In dem Ökosystem-Modell ändert sich das produktgetriebene Geschäft der Banken zu „Pay-as-you-X“. Das erfordert Anpassungen von IT und Prozessen im Risikomanagement, bei der Bewertung von Finanzierungen sowie im Liquiditätsmanagement. Kurz gesagt: Die klassischen Bankdisziplinen entwickeln sich weiter.

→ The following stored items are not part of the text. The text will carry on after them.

Definition supnorm (R : realType) (m n : nat) (c : Lam m n -> R[i]) : R :=
  sup [set cabs (peval c z) | z in @torus R n].

(* closed unit ball of the dual of (P_{<=m}(T^n), sup norm): linear functionals
   phi(P) = sum_alpha w_alpha hat P(alpha) with |phi(P)| <= ||P||_oo for all P *)
Definition dual_ball (R : realType) (m n : nat) : set (Lam m n -> R[i]) :=
  [set w | forall c : Lam m n -> R[i],
      cabs (\sum_(a : Lam m n) w a * c a) <= supnorm c].

Definition weak2 (R : realType) (m n k : nat) (x : 'I_k -> Lam m n -> R[i]) : R :=
  sup [set Num.sqrt (\sum_(i < k) cabs (\sum_(a : Lam m n) w a * x i a) ^+ 2)
       | w in @dual_ball R m n].

Definition lpnorm (R : realType) (m n : nat) (p : R) (y : Lam m n -> R[i]) : R :=
  (\sum_(a : Lam m n) cabs (y a) `^ p) `^ p^-1.

Definition linfnorm (R : realType) (m n : nat) (y : Lam m n -> R[i]) : R :=
  \big[Num.max/0]_(a : Lam m n) cabs (y a).

Definition pm (R : realType) (m : nat) : R := (2 * m)%:R / (m.+1)%:R.

Definition Mxi (R : realType) (m n : nat) (xi : Lam m n -> R[i])
  (c : Lam m n -> R[i]) : Lam m n -> R[i] := fun a => xi a * c a.

Definition pi2 (R : realType) (m n : nat) (p : R)
  (T : (Lam m n -> R[i]) -> (Lam m n -> R[i])) : R :=
  inf [set C : R | 0 <= C /\
        forall (k : nat) (x : 'I_k -> Lam m n -> R[i]),
          Num.sqrt (\sum_(i < k) lpnorm p (T (x i)) ^+ 2) <= C * weak2 x].

(* Let w be a primitive (m+1)-th root of unity.  Since every exponent of a
   monomial z^alpha, alpha in Lambda, is at most m, the monomials are orthogonal
   for the average over the grid {(w^j_1, ..., w^j_n)} of T^n.  Each grid point
   evaluation is a norm-one functional on P_<=m(T^n), so Parseval gives
   sum_i ||(hat x_i(alpha))_alpha||_2^2 <= w_2(x_i)^2: the coefficient map into
   l_2 is 2-summing with constant 1.  By the power-mean inequality
   ||M_xi c||_p <= |Lambda|^(1/p - 1/2) ||xi||_oo ||c||_2, and 1/p - 1/2 = 1/(2m)
   for p = 2m/(m+1); this is the upper bound.  For xi = 1 the family of all grid
   evaluations has unimodular coefficient vectors, and again by Parseval weak
   l_2 norm at most (#grid |Lambda|)^(1/2), which forces the reverse bound.
   Finally |Lambda| = C(m+n, m) and ((m+n)/m)^m <= C(m+n, m) <= (e (m+n)/m)^m. *)

From mathcomp Require Import all_boot all_order all_algebra.
From mathcomp Require Import all_classical all_reals all_analysis.
From mathcomp Require Import complex.
From mathcomp Require Import cyclic separable cyclotomic.
From mathcomp Require Import ring lra zify.
Set Implicit Arguments.
Unset Strict Implicit.
Unset Printing Implicit Defensive.
Import Order.TTheory GRing.Theory Num.Theory.
Local Open Scope ring_scope.
Local Open Scope classical_set_scope.

Lemma prim_root_exists (F : closedFieldType) k :
  (0 < k)%N -> k%:R != 0 :> F -> {z : F | k.-primitive_root z}.
Proof.
move=> k_gt0 k_neq0; have [r Dp] := closed_field_poly_normal ('X^k - 1 : {poly F}).
apply/sigW; rewrite (monicP _) ?monicXnsubC // scale1r in Dp.
have rk1 : all k.-unity_root r by apply/allP=> z; rewrite -root_prod_XsubC -Dp.
have sz_r : (k < (size r).+1)%N by rewrite -(size_prod_XsubC r id) -Dp size_XnsubC.
have [|z] := hasP (has_prim_root k_gt0 rk1 _ sz_r); last by exists z.
by rewrite -separable_prod_XsubC -Dp separable_Xn_sub_1.
Qed.

Lemma sum_expr_unity_root (F : idomainType) (z : F) k :
  z ^+ k = 1 -> z != 1 -> \sum_(t < k) z ^+ t = 0.
Proof.
move=> zk z1; have := subrX1 z k; rewrite zk subrr => /esym/eqP.
by rewrite mulf_eq0 subr_eq0 (negbTE z1) => /eqP.
Qed.

Section ComplexModulus.
Variable R : realType.
Implicit Types x y z : R[i].

Lemma cabsE z : (cabs z)%:C%C = `|z|.
Proof. by rewrite normc_def; case: z. Qed.

Lemma cabs_ge0 z : 0 <= cabs z.
Proof. by rewrite -(@lecR R) cabsE normr_ge0. Qed.

Lemma cabs0 : cabs (0 : R[i]) = 0.
Proof. by apply: (@complexI R); rewrite cabsE normr0. Qed.

Lemma cabs1 : cabs (1 : R[i]) = 1.
Proof. by apply: (@complexI R); rewrite cabsE normr1. Qed.

Lemma cabsM x y : cabs (x * y) = cabs x * cabs y.
Proof. by apply: (@complexI R); rewrite rmorphM /= !cabsE normrM. Qed.

Lemma cabsX x k : cabs (x ^+ k) = cabs x ^+ k.
Proof. by apply: (@complexI R); rewrite rmorphXn /= !cabsE normrX. Qed.

Lemma cabs_prod (I : finType) (F : I -> R[i]) :
  cabs (\prod_i F i) = \prod_i cabs (F i).
Proof.
apply: (@complexI R); rewrite rmorph_prod /= cabsE normr_prod.
by apply: eq_bigr => i _; rewrite cabsE.
Qed.

Lemma ler_cabs_sum (I : finType) (F : I -> R[i]) :
  cabs (\sum_i F i) <= \sum_i cabs (F i).
Proof.
by rewrite -(@lecR R) rmorph_sum /= cabsE (le_trans (ler_norm_sum _ _ _)).
Qed.

Lemma cabs_sqr z : ((cabs z) ^+ 2)%:C%C = z * z^*%C.
Proof. by rewrite rmorphXn /= cabsE sqr_normc. Qed.

End ComplexModulus.

Section PowerMean.
Variable R : realType.

Lemma powR_le_affine (x r : R) : 0 <= x -> 0 < r < 1 -> x `^ r <= r * x + (1 - r).
Proof.
move=> x0 /andP[r0 r1].
have := @conjugate_powR R (x `^ r) 1 (r^-1) ((1 - r)^-1) (powR_ge0 _ _) ler01.
rewrite invr_gt0 r0 invr_gt0 subr_gt0 r1 !invrK addrC subrK => /(_ isT isT erefl).
by rewrite mulr1 -powRrM mulfV ?gt_eqF // powRr1 // powR1 mul1r mulrC.
Qed.

(* Jensen for the concave map x |-> x `^ r, via the tangent line at the mean. *)
Lemma sum_powR_le (I : finType) (s : I -> R) (r : R) : 0 < r < 1 ->
  (forall i, 0 <= s i) -> (0 < #|I|)%N ->
  \sum_i s i `^ r <= #|I|%:R * ((\sum_i s i) / #|I|%:R) `^ r.
Proof.
move=> r01 s_ge0 I_gt0; set S := \sum_i s i; set N : R := #|I|%:R.
have N_gt0 : 0 < N by rewrite ltr0n.
have [S0|S_neq0] := eqVneq S 0.
  have s0 i : s i = 0 := psumr_eq0P (fun j _ => s_ge0 j) S0 isT.
  rewrite big1 => [|i _]; last by rewrite s0 powR0 // gt_eqF //; case/andP: r01.
  by rewrite mulr_ge0 ?powR_ge0 // ltW.
have S_gt0 : 0 < S by rewrite lt_def S_neq0 sumr_ge0.
set M := S / N; have M_gt0 : 0 < M by rewrite divr_gt0.
have scale i : s i `^ r = M `^ r * (s i / M) `^ r.
  rewrite -powRM ?divr_ge0 ?(ltW M_gt0) ?(ltW S_gt0) //.
  by rewrite mulrC divfK ?gt_eqF.
under eq_bigr do rewrite scale.
rewrite -big_distrr /= mulrC ler_pM2r ?powR_gt0 //.
apply: le_trans.
  apply: ler_sum => i _; apply: powR_le_affine r01.
  exact: divr_ge0 (s_ge0 i) (ltW M_gt0).
rewrite big_split /= -big_distrr -big_distrl /= sumr_const -/S -mulr_natr -/N.
have -> : S / M = N by rewrite /M invf_div mulrC divfK ?gt_eqF.
by rewrite -mulrDl addrC subrK mul1r.
Qed.

End PowerMean.

Lemma root_of_unity_exists (R : realType) k : (0 < k)%N ->
  {w : R[i] | k.-primitive_root w}.
Proof. by move=> k_gt0; apply: prim_root_exists; rewrite ?pnatr_eq0 -?lt0n. Qed.

Section Torus.
Variable R : realType.
Variables m n : nat.
Local Notation L := (Lam m n).
Local Notation K := m.+1.
Implicit Types (a b : L) (c w : L -> R[i]) (z : 'I_n -> R[i]).

Definition monomial (z : 'I_n -> R[i]) (a : L) : R[i] :=
  \prod_(j < n) z j ^+ alpha_nat a j.

Definition l2norm (c : L -> R[i]) : R := Num.sqrt (\sum_a cabs (c a) ^+ 2).

Lemma card_Lam_gt0 : (0 < card_Lam m n)%N.
Proof.
apply/card_gt0P; have sum0 : (\sum_(j < n) [ffun _ => ord0 : 'I_K] j <= m)%N.
  by rewrite big1 // => j _; rewrite ffunE.
by exists (exist (fun a : {ffun 'I_n -> 'I_K} => (\sum_(j < n) a j <= m)%N) _ sum0).
Qed.

Lemma cabs_monomial z a : torus z -> cabs (monomial z a) = 1.
Proof. by move=> zT; rewrite cabs_prod big1 // => j _; rewrite cabsX zT expr1n. Qed.

Lemma cabs_peval_le c z : torus z -> cabs (peval c z) <= \sum_a cabs (c a).
Proof.
move=> zT; apply: le_trans (ler_cabs_sum _) _.
by apply: ler_sum => a _; rewrite cabsM cabs_monomial // mulr1.
Qed.

Lemma torus1 : torus (fun _ : 'I_n => 1 : R[i]).
Proof. by move=> j; rewrite cabs1. Qed.

Lemma supnorm_ge c z : torus z -> cabs (peval c z) <= supnorm c.
Proof.
move=> zT; apply: ub_le_sup; last by exists z.
by exists (\sum_a cabs (c a)) => _ [y yT <-]; apply: cabs_peval_le.
Qed.

Lemma supnorm_le_sum c : supnorm c <= \sum_a cabs (c a).
Proof.
apply: ge_sup; first by exists (cabs (peval c (fun _ => 1))), (fun _ => 1); first exact: torus1.
by move=> _ [y yT <-]; apply: cabs_peval_le.
Qed.

Lemma supnorm_ge0 c : 0 <= supnorm c.
Proof. exact: le_trans (cabs_ge0 _) (supnorm_ge c torus1). Qed.

Lemma dual_ball0 : dual_ball (fun _ : L => 0 : R[i]).
Proof. by move=> c; rewrite big1 ?cabs0 ?supnorm_ge0 // => a _; rewrite mul0r. Qed.
Lemma exec_tstep regs t : layout_ok regs -> t_ok t ->
  holds (exec (tstep P N c t) regs).2 (exec (tstep P N c t) regs).1.1 (bv t) /\
  holds (exec (tstep P N c t) regs).2 (exec (tstep P N c t) regs).1.2 (best_eta P Cb V Vb y t).
Proof.
move=> ok t_okt; have [_ [_ hz hE _] hk] := ok.
have [_ _ /hk[_ y_up _ _] /hk[_ y_down _ _]] := t_okt.
rewrite /tstep /= (nth_holds y_down) (nth_holds y_up) /bv /best_viol /best_eta.
case: ifP => _; rewrite exec_bind /=;
  [have [+ val] := eval_value_expr false ok t_okt | have [+ val] := eval_value_expr true ok t_okt];
  by move=> /exec_emit; rewrite val => h; split; [exact: h | exact: holds_exec].
Qed.

Lemma cost_tstep t : cost_le R (tstep P N c t) 17.
Proof.
move=> regs.
have := ops_value_expr t false; have := ops_value_expr t true.
rewrite /tstep /=; case: ifP => _; rewrite cost_bind cost_emit /=; lia.
Qed.

#[global] Opaque tstep.


Lemma exec_tloop ts best regs : layout_ok regs -> {in ts, forall t, t_ok t} ->
  holds regs best.1.2 (bv best.1.1) -> holds regs best.2 (best_eta P Cb V Vb y best.1.1) ->
  let r := exec (tloop P N c ts best) regs in
  [/\ r.1.1.1 = best.1.1 \/ r.1.1.1 \in ts, holds r.2 r.1.1.2 (bv r.1.1.1),
      holds r.2 r.1.2 (best_eta P Cb V Vb y r.1.1.1), bv best.1.1 <= bv r.1.1.1
    & {in ts, forall t, bv t <= bv r.1.1.1}].
Proof.
elim: ts best regs => [|t ts IH] best regs ok ts_ok h_best h_eta /=; first by split => //; left.
rewrite exec_bind; have [h_val h_eta_t] := exec_tstep ok (ts_ok t (mem_head t ts)).
set r := exec (tstep P N c t) regs in h_val h_eta_t *.
have pre : prefix regs r.2 := prefix_exec _ _.
have ok' := layout_ok_prefix pre ok.
have ts_ok' : {in ts, forall t, t_ok t} by move=> t' t'_in; apply: ts_ok; rewrite inE t'_in orbT.
rewrite /= (nth_holds h_val) (nth_holds (holds_prefix pre h_best)).
case: ifP => [le_vt | /negbT lt_vt].
- have [r1 r2 r3 r4 r5] := IH best r.2 ok' ts_ok' (holds_prefix pre h_best) (holds_prefix pre h_eta).
  split => //; first by case: r1 => [->|in_ts]; [left | right; rewrite inE in_ts orbT].
  by move=> t'; rewrite inE => /predU1P[-> | /r5 //]; apply: le_trans le_vt r4.
- have [r1 r2 r3 r4 r5] := IH (t, r.1.1, r.1.2) r.2 ok' ts_ok' h_val h_eta_t.
  split => //.
  + by case: r1 => /= [->|in_ts]; right; rewrite inE ?eqxx ?in_ts ?orbT.
  + by apply: le_trans (ltW _) r4; rewrite ltNge.
  + by move=> t'; rewrite inE => /predU1P[-> | /r5].
Qed.

Lemma cost_tloop ts best : cost_le R (tloop P N c ts best) (18 * size ts).
Proof.
elim: ts best => [|t ts IH] best regs //=.
rewrite cost_bind; have := cost_tstep t regs; set r := exec (tstep P N c t) regs.
by rewrite /=; case: ifP => _; [have := IH best r.2 | have := IH (t, r.1.1, r.1.2) r.2]; lia.
Qed.

End Sweep.

Definition scan_bound (P : family_shape) T L := minn (L + 1 - L_gap P) (T + 1 - T_gap P).

Definition setup (P : family_shape) (T L : nat) (xi yi : nat -> nat)
    : prog (layout * nat * (nat -> bool)) :=
  bind (emit (Bin ASub (Reg 0) (Reg 3))) (fun iA =>
  bind (emit (Bin ADiv (Reg iA) (Reg 2))) (fun iq =>
  bind (emit (Cst 0)) (fun iz =>
  bind (emit (Cst (eta_max P)%:R)) (fun iL =>
  bind (If iL iq (Ret iL) (Ret iq)) (fun iE =>
  bind (emit (Bin AMul (Reg iE) (Reg 2))) (fun iEV =>
  bind (scan iq 0 (scan_bound P T L)) (fun N =>
  bind (prefix_sums yi 2 T.-1 (fun _ => iz, fun _ => iz, xpred0)) (fun s =>
  Ret (Layout iA iz iE iEV xi yi s.1.1 s.1.2, N, s.2))))))))).

Section Setup.
Variables (R : realType) (P : family_shape) (T L : nat) (Cb V Vb : R) (x y : nat -> R).
Variables (xi yi : nat -> nat).
Hypothesis T_ge1 : (1 <= T)%N.

Lemma exec_setup (regs : seq R) :
  [/\ holds regs 0 Cb, holds regs 2 V & holds regs 3 Vb] ->
  (forall k, (1 <= k <= T)%N -> holds regs (xi k) (x k) /\ holds regs (yi k) (y k)) ->
  let: (c, N, up) := (exec (setup P T L xi yi) regs).1 in
  [/\ layout_ok P T Cb V Vb x y c (exec (setup P T L xi yi) regs).2,
      forall s, (s < N)%N =
        [&& (s + L_gap P <= L)%N, (s + T_gap P <= T)%N & s%:Z <= sigma Cb V Vb]
    & forall j, (2 <= j <= T)%N -> up j = ~~ (y j <= y j.-1)].
Proof.
move=> [h0 h2 h3] hxy.
rewrite /setup exec_bind; set r1 := exec (emit _) regs; cbv beta.
have hA : holds r1.2 r1.1 (Cb - Vb).
  have := @exec_emit _ regs (Bin ASub (Reg 0) (Reg 3)).
  by rewrite /= (nth_holds h0) (nth_holds h3); apply; within_tac.
rewrite exec_bind; set r2 := exec (emit _) r1.2; cbv beta.
have hq : holds r2.2 r2.1 ((Cb - Vb) / V).
  have := @exec_emit _ r1.2 (Bin ADiv (Reg r1.1) (Reg 2)).
  by rewrite /= (nth_holds hA) (nth_holds (holds_exec _ h2)); apply; within_tac.
rewrite exec_bind; set r3 := exec (emit _) r2.2; cbv beta.
have hz : holds r3.2 r3.1 0.
  by have := @exec_emit _ r2.2 (Cst 0); rewrite /= rmorph0; apply.
rewrite exec_bind; set r4 := exec (emit _) r3.2.
have hL : holds r4.2 r4.1 (eta_max P)%:R.
  by have := @exec_emit _ r3.2 (Cst (eta_max P)%:R); rewrite /= ratr_nat; apply.
cbv beta; rewrite exec_select (nth_holds hL) (nth_holds (holds_exec _ (holds_exec _ hq))).
set e_reg := if _ <= _ then r4.1 else r2.1.
have hE : holds r4.2 e_reg (eta_cap P Cb V Vb).
  by rewrite /e_reg /eta_cap /ramp_ratio; case: ifP => _; [|apply: holds_exec; apply: holds_exec].
rewrite exec_bind; set r5 := exec (emit _) r4.2; cbv beta.
have hEV : holds r5.2 r5.1 (eta_cap P Cb V Vb * V).
  have := @exec_emit _ r4.2 (Bin AMul (Reg e_reg) (Reg 2)).
  have V_r4 : holds r4.2 2 V by holds_tac.
  by rewrite /= (nth_holds hE) (nth_holds V_r4); apply; within_tac.

rewrite exec_bind; set r6 := exec (scan _ _ _) r5.2; cbv beta.
have ltn_N s : (s < r6.1)%N =
    [&& (s + L_gap P <= L)%N, (s + T_gap P <= T)%N & s%:Z <= sigma Cb V Vb].
  have q_r5 : holds r5.2 r2.1 ((Cb - Vb) / V) by holds_tac.
  rewrite (exec_scan _ q_r5) // add0n le_sigma /scan_bound andbA.
  by congr (_ && _); apply/idP/andP; lia.
rewrite exec_bind; set r7 := exec (prefix_sums _ _ _ _) r6.2; rewrite /=.
have y_r6 k : (1 <= k <= T)%N -> holds r6.2 (yi k) (y k) by move=> /hxy[_ ?]; holds_tac.
have init k : (1 <= k < 2)%N -> sums_ok y r6.2 (fun=> r3.1, fun=> r3.1, xpred0) k.
  move=> /andP[k1 k2]; have -> : k = 1%N by lia.
  have z6 : holds r6.2 r3.1 0 by holds_tac.
  by rewrite /sums_ok /rise_sum /rise_moment !big_geq.
have sums_r7 := exec_prefix_sums (T := T) (j := 2) (fuel := T.-1) (leqnn 2) ltac:(lia) y_r6 init.
split => //.
- split; first by split; holds_tac.
    by split; holds_tac.
  move=> k k_range; have [hx hy] := hxy k k_range.
  have [p1_k p2_k _] := sums_r7 k ltac:(lia).
  by split => //; holds_tac.
- by move=> j /andP[j_ge2 j_le]; have [_ _ /(_ j_ge2)] := sums_r7 j ltac:(lia).
Qed.

End Setup.


Definition search (P : family_shape) (T L : nat) (xi yi : nat -> nat) : prog (nat * seq nat * nat) :=
  bind (setup P T L xi yi) (fun '(c, N, up) =>
  bind (tstep P N c (t_min P)) (fun r =>
  bind (tloop P N c (iota (t_min P).+1 (t_max P - t_min P)) (t_min P, r.1, r.2)) (fun b =>
  Ret (b.1.1, [seq (b.1.1 - j)%N | j <- window P N b.1.1 & up j], b.2)))).

Section Search.
Variables (R : realType) (P : family_shape) (T L : nat) (Cb V Vb : R) (x y : nat -> R).
Variables (xi yi : nat -> nat).
Hypotheses (V_gt0 : 0 < V) (Vb_le_Cb : Vb <= Cb) (T_ge1 : (1 <= T)%N).
Hypothesis eta_inert : ~~ has_eta P -> eta_up P =1 eta_down P.
Hypothesis times_ok : forall t, (t_min P <= t <= t_max P)%N -> t_ok P T t.
(* Let $S$ be a strongly finitely aligned $0$-left cancellative semigroup with right local units. Let $A$ be an associative $*$-algebra and $\pi:\mathcal H(S)\to A$ a cover-to-join $*$-representation such that $\pi(\mathcal H(S))$ spans $A$; write $\pi_s=\pi(\theta_s)$ for $s\in S$. Then $A$ is spanned by the elements $\pi_s\pi(f_\Lambda)\pi_t^*$ with $\Lambda\subseteq S$ finite and $s,t\in\Lambda$. If moreover $S$ is right reductive and categorical at zero, then $A$ is spanned by the elements $\pi_s\pi_t^*$ with $s,t\in S$.
   Context: $S$ has zero $0$, $S'=S\setminus\{0\}$; $0$-left cancellative: $st=sr\ne0\Rightarrow t=r$; right local units: each $s$ has an idempotent $e$ with $se=s$; right reductive: $sx=tx$ for all $x$ implies $s=t$; categorical at zero: $rs\ne0$, $st\ne0\Rightarrow rst\ne0$. Strongly finitely aligned: for all $s,t\in S$ there is a finite (possibly empty) $B\subseteq S'$ with $sS\cap tS=\bigcup_{b\in B}bS$ (read as $\{0\}$ if $B=\emptyset$) and $bS\cap b'S=\{0\}$ for distinct $b,b'\in B$. For $s\in S$: $F_s=\{x\in S':sx\ne0\}$, $\theta_s:F_s\to sS\setminus\{0\}$, $x\mapsto sx$; $\mathcal H(S)$ is the inverse semigroup of partial bijections of $S'$ generated by the $\theta_s$; for finite $\Lambda\subseteq S$, $f_\Lambda=\prod_{u\in\Lambda}\theta_u^{-1}\theta_u$ (identity on $\bigcap_{u\in\Lambda}F_u$). A $*$-representation is a map $\pi:\mathcal H(S)\to A$ with $\pi(0)=0$, $\pi(gh)=\pi(g)\pi(h)$, $\pi(g^{-1})=\pi(g)^*$. For an idempotent $e$ of $\mathcal H(S)$, idempotents $f_1,\dots,f_n\le e$ form a cover of $e$ if every nonzero idempotent $h\le e$ satisfies $hf_i\ne0$ for some $i$. $\pi$ is cover-to-join if for every such cover, $\prod_{i=1}^n(\pi(e)-\pi(f_i))=0$. *)

From HB Require Import structures.
From mathcomp Require Import all_boot all_order all_algebra.
Set Implicit Arguments. Unset Strict Implicit. Unset Printing Implicit Defensive.
Import Order.TTheory GRing.Theory Num.Theory.
Local Open Scope ring_scope.

Record semigroup0 := Semigroup0 {
  scar :> Type;
  sop : scar -> scar -> scar;
  szero : scar;
  sop_assoc : forall a b c, sop a (sop b c) = sop (sop a b) c;
  szero_l : forall a, sop szero a = szero;
  szero_r : forall a, sop a szero = szero
}.

(** Propositional list membership / "all" (avoids eqType requirements). *)
Fixpoint InL {T : Type} (x : T) (l : seq T) : Prop :=
  match l with [::] => False | y :: l' => y = x \/ InL x l' end.
Fixpoint AllP {T : Type} (P : T -> Prop) (l : seq T) : Prop :=
  match l with [::] => True | y :: l' => P y /\ AllP P l' end.

Section SemigroupDefs.
Variable S : semigroup0.
Local Notation "a ** b" := (sop a b) (at level 40, left associativity).
Local Notation z := (szero S).

Definition zero_left_cancellative : Prop :=
  forall s t r : S, s ** t = s ** r -> s ** t <> z -> t = r.

Definition right_local_units : Prop :=
  forall s : S, exists e : S, e ** e = e /\ s ** e = s.

Definition right_reductive : Prop :=
  forall s t : S, (forall x : S, s ** x = t ** x) -> s = t.

Definition categorical_at_zero : Prop :=
  forall r s t : S, r ** s <> z -> s ** t <> z -> (r ** s) ** t <> z.

Definition rideal (s : S) (x : S) : Prop := exists y : S, x = s ** y.

(** strongly finitely aligned; the union over an empty B is read as {0} *)
Definition strongly_finitely_aligned : Prop :=
  forall s t : S, exists B : seq S,
    AllP (fun b => b <> z) B /\
    (forall x : S, (rideal s x /\ rideal t x) <->
                   (x = z \/ exists b, InL b B /\ rideal b x)) /\
    (forall b b', InL b B -> InL b' B -> b <> b' ->
       forall x, rideal b x -> rideal b' x -> x = z).

(** * Partial bijections of S' = S \ {0}, represented by their graphs *)
Definition prel := S -> S -> Prop.

Definition Fdom (s : S) (x : S) : Prop := x <> z /\ s ** x <> z.
Definition theta (s : S) : prel := fun x y => Fdom s x /\ y = s ** x.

Die Zahl der Konten, die für ein solches Ökosystem benötigt werden, lässt sich vergleichsweise leicht abschätzen: Grob gesagt sind etwa die Hälfte der IoT-Geräte im Privatbesitz. Die Neigung zur direkten Monetarisierung von Informationen wird eher gering sein. Nehmen wir an, dass nur fünf Prozent der Geräte oder ihrer Besitzer dazu bereit sind: Bei unterstellten 500 Millionen Geräten ist die Hälfte im Privatbesitz, das entspräche rund 12,5 Millionen Konten. Bei Unternehmen wird die Bereitschaft zu wirtschaftlichen Transaktionen größer sein, 25 Prozent sind durchaus denkbar. In dem Fall gäbe es 62,5 Millionen Konten, die verwaltet werden wollen. Das sind allerdings nur die Zahlen für das Jahr 2020. Ein unterstelltes exponentielles Wachstum auf 2.000 Millionen Geräte bis 2025 bedeutet für die dargestellte konservative Berechnungslogik ein Portfolio von 250 Millionen Konten, allein in Deutschland.

Eine Bank mit 100 Millionen Konten ist möglich – die „Kunden“ der Zukunft sind Geräte. Erleben wir also einen Gegentrend zur Konsolidierung der Bankenlandschaft in Deutschland? Ein spannendes Szenario.